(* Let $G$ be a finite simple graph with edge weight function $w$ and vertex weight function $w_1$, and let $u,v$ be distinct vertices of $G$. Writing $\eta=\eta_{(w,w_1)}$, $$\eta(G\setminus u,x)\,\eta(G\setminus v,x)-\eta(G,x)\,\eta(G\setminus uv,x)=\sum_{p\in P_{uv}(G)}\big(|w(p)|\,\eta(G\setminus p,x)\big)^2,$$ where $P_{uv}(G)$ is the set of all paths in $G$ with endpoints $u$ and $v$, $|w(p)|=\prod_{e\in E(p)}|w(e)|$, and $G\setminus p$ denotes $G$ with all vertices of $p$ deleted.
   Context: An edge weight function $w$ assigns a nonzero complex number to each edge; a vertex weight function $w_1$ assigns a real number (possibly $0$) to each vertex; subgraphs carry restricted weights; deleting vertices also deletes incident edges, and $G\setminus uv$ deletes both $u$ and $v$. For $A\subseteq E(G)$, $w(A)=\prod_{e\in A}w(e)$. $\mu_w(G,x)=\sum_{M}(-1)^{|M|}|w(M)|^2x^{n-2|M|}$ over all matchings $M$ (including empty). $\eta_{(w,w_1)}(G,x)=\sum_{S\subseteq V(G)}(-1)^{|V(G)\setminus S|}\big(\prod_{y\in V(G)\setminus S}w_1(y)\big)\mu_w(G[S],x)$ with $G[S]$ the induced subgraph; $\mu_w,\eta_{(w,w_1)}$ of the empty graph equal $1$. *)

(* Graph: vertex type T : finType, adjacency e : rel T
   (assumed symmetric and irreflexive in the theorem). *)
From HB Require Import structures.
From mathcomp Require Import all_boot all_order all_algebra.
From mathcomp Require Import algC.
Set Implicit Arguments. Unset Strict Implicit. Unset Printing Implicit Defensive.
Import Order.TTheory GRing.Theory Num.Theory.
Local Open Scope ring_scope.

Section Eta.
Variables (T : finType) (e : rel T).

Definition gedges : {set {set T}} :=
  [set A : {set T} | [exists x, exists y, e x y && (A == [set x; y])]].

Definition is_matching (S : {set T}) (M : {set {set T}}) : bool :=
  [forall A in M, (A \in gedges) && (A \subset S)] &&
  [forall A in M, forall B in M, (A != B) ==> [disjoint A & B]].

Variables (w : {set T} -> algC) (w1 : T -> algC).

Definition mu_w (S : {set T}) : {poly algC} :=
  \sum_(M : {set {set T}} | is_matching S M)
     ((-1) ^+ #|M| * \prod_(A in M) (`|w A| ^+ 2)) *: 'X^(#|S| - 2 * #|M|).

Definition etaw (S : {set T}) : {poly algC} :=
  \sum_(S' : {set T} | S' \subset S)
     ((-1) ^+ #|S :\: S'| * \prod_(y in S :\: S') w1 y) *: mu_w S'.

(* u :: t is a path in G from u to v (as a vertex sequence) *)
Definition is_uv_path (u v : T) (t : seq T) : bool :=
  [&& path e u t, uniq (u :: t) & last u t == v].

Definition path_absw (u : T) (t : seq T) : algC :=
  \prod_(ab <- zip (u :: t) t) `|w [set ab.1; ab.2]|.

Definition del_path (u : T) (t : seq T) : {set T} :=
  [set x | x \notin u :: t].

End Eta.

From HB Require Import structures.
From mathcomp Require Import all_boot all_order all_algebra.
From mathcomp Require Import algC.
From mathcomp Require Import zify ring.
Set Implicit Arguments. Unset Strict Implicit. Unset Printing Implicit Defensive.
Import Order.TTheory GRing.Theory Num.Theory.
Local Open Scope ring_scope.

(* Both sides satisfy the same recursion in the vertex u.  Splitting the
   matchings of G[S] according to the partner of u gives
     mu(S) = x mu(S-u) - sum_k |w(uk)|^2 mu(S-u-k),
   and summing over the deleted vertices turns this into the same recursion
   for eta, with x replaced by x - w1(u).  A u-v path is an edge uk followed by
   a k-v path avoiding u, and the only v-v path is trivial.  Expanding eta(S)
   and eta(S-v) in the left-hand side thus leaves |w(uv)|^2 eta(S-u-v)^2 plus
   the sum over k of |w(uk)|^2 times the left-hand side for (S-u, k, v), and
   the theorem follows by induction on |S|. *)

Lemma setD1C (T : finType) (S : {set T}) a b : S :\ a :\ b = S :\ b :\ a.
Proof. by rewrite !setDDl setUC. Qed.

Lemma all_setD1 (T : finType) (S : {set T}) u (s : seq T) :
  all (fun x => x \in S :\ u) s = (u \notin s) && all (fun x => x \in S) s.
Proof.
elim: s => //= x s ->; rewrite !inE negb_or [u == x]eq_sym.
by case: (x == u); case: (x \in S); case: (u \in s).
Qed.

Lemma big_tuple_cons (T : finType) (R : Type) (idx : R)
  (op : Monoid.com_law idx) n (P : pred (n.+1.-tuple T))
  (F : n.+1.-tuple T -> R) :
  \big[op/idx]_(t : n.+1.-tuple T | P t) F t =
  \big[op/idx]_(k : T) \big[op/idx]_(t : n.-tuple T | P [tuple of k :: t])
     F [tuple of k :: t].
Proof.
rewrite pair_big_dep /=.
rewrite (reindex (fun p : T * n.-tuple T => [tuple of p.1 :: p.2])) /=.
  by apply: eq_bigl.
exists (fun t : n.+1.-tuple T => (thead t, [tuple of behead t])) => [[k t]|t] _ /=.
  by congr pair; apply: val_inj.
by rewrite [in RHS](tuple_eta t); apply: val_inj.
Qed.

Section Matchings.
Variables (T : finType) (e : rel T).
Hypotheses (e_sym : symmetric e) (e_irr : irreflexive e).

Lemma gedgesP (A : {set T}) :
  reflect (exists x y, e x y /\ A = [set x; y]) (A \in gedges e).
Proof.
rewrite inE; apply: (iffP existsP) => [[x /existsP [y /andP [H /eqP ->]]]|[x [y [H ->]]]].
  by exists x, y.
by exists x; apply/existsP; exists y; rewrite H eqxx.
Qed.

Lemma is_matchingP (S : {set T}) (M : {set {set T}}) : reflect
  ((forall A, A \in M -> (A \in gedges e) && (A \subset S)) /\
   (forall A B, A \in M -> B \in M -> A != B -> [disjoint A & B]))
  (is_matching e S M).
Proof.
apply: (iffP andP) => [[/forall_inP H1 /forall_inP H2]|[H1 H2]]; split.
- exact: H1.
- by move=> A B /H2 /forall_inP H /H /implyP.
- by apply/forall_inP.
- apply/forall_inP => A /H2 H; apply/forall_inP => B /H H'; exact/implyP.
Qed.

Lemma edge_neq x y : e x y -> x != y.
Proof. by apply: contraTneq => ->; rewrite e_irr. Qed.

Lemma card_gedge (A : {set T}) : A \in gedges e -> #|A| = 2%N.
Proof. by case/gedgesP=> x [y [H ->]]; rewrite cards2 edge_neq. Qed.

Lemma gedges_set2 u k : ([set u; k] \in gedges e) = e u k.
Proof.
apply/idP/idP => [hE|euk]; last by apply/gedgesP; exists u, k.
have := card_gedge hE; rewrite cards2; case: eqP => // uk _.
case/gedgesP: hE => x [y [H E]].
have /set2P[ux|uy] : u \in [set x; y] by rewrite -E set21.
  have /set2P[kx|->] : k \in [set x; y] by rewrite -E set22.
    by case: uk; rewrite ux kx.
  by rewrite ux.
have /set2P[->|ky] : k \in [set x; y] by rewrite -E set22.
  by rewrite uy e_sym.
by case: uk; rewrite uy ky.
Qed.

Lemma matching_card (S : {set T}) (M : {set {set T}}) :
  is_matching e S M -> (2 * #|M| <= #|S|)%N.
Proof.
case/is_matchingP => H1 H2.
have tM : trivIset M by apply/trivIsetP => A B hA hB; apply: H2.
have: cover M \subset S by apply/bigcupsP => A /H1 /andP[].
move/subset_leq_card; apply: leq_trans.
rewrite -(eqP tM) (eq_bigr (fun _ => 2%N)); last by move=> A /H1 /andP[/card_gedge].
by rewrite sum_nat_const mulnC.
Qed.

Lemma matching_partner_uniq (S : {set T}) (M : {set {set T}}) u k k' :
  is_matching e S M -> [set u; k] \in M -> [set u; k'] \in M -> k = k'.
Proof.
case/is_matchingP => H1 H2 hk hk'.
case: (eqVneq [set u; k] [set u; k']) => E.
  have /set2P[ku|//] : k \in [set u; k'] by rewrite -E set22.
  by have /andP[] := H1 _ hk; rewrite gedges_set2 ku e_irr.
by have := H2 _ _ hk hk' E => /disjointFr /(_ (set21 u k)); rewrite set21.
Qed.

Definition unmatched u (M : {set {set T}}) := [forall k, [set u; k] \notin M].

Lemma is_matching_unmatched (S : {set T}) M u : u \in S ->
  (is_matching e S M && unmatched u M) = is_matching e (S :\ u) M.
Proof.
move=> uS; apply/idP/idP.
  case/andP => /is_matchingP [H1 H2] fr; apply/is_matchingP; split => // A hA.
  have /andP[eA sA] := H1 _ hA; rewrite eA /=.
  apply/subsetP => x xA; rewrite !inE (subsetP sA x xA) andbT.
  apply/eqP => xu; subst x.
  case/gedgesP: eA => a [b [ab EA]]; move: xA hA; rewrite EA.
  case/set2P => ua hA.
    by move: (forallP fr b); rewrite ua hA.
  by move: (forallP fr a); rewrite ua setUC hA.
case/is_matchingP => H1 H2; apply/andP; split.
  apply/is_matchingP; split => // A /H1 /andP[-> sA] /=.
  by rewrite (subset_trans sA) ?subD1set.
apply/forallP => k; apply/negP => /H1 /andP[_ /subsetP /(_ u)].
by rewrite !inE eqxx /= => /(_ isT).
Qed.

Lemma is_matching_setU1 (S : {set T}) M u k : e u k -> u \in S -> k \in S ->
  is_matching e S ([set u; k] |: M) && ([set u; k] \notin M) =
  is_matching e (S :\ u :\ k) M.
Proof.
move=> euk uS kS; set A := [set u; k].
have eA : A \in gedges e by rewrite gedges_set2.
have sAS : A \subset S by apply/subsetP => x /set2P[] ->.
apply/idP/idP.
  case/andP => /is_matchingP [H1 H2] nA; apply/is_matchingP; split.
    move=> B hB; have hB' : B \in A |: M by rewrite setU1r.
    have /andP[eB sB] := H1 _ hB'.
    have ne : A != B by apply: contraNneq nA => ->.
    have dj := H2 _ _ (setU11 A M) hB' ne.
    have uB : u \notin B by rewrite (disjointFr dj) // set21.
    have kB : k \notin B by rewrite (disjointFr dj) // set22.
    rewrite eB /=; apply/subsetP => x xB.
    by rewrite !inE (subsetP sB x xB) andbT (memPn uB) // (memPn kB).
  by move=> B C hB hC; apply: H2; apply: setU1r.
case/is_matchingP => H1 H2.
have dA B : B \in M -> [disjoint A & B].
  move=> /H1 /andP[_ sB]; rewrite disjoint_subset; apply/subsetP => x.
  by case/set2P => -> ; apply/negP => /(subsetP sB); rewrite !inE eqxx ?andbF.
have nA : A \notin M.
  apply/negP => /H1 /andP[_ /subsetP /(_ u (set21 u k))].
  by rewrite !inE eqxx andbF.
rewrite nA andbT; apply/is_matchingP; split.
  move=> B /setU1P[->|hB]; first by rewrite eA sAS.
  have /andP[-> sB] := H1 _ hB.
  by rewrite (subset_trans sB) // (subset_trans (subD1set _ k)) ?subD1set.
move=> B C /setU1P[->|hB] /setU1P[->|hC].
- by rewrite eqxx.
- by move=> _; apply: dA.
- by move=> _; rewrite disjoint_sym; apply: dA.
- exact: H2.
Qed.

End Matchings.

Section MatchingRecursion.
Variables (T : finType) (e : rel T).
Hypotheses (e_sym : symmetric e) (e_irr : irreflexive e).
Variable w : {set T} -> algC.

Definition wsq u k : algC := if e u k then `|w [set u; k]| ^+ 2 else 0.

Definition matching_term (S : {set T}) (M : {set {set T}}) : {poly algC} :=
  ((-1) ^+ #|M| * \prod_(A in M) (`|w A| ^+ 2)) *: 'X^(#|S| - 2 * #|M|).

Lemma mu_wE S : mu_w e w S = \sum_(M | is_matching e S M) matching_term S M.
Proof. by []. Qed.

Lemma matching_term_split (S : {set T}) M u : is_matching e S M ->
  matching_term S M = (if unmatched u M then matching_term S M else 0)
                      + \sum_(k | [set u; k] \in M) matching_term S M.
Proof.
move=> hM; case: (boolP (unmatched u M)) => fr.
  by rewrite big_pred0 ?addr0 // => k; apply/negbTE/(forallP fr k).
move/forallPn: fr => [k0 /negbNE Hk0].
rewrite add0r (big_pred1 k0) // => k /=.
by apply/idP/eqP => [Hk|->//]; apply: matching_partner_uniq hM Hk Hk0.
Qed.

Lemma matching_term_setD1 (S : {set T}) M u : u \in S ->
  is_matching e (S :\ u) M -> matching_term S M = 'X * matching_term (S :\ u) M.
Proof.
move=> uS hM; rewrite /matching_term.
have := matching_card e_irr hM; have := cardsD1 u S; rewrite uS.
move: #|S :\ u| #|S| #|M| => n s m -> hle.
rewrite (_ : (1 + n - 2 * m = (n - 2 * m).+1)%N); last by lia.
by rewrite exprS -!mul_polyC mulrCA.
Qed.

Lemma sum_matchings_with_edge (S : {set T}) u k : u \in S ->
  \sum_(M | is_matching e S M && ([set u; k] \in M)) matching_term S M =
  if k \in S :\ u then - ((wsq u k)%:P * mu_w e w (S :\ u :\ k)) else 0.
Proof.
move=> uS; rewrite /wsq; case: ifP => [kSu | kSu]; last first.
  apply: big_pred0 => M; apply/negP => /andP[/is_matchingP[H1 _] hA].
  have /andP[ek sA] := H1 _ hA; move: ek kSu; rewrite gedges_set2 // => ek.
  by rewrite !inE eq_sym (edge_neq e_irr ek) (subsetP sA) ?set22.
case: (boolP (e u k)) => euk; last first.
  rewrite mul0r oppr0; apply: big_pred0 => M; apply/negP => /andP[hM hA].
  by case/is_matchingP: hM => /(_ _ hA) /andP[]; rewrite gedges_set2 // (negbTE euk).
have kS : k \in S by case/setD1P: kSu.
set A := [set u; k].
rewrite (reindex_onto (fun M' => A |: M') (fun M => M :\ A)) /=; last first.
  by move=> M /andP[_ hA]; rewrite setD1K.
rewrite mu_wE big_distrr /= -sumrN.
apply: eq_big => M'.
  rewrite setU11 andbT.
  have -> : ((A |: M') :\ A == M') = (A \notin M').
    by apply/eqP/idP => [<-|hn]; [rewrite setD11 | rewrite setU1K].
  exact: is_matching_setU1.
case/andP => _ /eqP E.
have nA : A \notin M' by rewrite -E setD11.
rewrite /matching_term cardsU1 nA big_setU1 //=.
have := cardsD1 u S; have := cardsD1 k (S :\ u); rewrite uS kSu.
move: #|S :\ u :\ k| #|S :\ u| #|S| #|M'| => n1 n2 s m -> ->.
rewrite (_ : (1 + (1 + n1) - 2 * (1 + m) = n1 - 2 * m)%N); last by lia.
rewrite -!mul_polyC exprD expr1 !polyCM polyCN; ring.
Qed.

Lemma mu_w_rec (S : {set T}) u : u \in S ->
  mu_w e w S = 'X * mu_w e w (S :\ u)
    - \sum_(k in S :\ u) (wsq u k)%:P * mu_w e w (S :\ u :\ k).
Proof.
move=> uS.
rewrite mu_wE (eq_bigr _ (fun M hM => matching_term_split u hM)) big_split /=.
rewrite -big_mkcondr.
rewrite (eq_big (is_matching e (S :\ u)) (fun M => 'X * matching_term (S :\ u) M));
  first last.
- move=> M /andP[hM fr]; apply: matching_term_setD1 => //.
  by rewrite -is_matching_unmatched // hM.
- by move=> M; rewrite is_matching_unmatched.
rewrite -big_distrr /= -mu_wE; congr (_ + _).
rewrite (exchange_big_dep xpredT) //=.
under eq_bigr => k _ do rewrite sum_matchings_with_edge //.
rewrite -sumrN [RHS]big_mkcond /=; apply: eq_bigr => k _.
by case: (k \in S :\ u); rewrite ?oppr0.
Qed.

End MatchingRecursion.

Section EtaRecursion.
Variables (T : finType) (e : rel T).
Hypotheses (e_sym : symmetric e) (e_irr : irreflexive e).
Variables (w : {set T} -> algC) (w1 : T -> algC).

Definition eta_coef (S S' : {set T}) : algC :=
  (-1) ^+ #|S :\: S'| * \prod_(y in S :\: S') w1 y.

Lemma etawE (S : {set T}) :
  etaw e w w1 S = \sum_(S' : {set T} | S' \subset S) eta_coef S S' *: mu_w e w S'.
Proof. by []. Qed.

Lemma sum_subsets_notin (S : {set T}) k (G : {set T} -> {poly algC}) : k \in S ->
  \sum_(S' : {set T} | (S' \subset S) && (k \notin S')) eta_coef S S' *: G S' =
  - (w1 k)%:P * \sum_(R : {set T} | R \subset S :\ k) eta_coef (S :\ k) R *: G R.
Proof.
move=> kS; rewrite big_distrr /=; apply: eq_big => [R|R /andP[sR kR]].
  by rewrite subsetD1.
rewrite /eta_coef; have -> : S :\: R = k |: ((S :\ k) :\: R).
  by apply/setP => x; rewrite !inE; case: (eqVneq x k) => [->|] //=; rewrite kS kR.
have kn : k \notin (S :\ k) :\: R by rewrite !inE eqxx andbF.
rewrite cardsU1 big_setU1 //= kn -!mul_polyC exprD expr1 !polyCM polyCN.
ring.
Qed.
- - -
**EXERCISE PROMPT**
Take the line above containing "by apply/idP/eqP =>", the line containing "have := cardsD1 u S; have", and all lines in between, and copy them exactly without anything else.

**RESULT**
by apply/idP/eqP => [Hk|->//]; apply: matching_partner_uniq hM Hk Hk0.
Qed.

Lemma matching_term_setD1 (S : {set T}) M u : u \in S ->
  is_matching e (S :\ u) M -> matching_term S M = 'X * matching_term (S :\ u) M.
Proof.
move=> uS hM; rewrite /matching_term.
have := matching_card e_irr hM; have := cardsD1 u S; rewrite uS.
move: #|S :\ u| #|S| #|M| => n s m -> hle.
rewrite (_ : (1 + n - 2 * m = (n - 2 * m).+1)%N); last by lia.
by rewrite exprS -!mul_polyC mulrCA.
Qed.

Lemma sum_matchings_with_edge (S : {set T}) u k : u \in S ->
  \sum_(M | is_matching e S M && ([set u; k] \in M)) matching_term S M =
  if k \in S :\ u then - ((wsq u k)%:P * mu_w e w (S :\ u :\ k)) else 0.
Proof.
move=> uS; rewrite /wsq; case: ifP => [kSu | kSu]; last first.
  apply: big_pred0 => M; apply/negP => /andP[/is_matchingP[H1 _] hA].
  have /andP[ek sA] := H1 _ hA; move: ek kSu; rewrite gedges_set2 // => ek.
  by rewrite !inE eq_sym (edge_neq e_irr ek) (subsetP sA) ?set22.
case: (boolP (e u k)) => euk; last first.
  rewrite mul0r oppr0; apply: big_pred0 => M; apply/negP => /andP[hM hA].
  by case/is_matchingP: hM => /(_ _ hA) /andP[]; rewrite gedges_set2 // (negbTE euk).
have kS : k \in S by case/setD1P: kSu.
set A := [set u; k].
rewrite (reindex_onto (fun M' => A |: M') (fun M => M :\ A)) /=; last first.
  by move=> M /andP[_ hA]; rewrite setD1K.
rewrite mu_wE big_distrr /= -sumrN.
apply: eq_big => M'.
  rewrite setU11 andbT.
  have -> : ((A |: M') :\ A == M') = (A \notin M').
    by apply/eqP/idP => [<-|hn]; [rewrite setD11 | rewrite setU1K].
  exact: is_matching_setU1.
case/andP => _ /eqP E.
have nA : A \notin M' by rewrite -E setD11.
rewrite /matching_term cardsU1 nA big_setU1 //=.
have := cardsD1 u S; have := cardsD1 k (S :\ u); rewrite uS kSu.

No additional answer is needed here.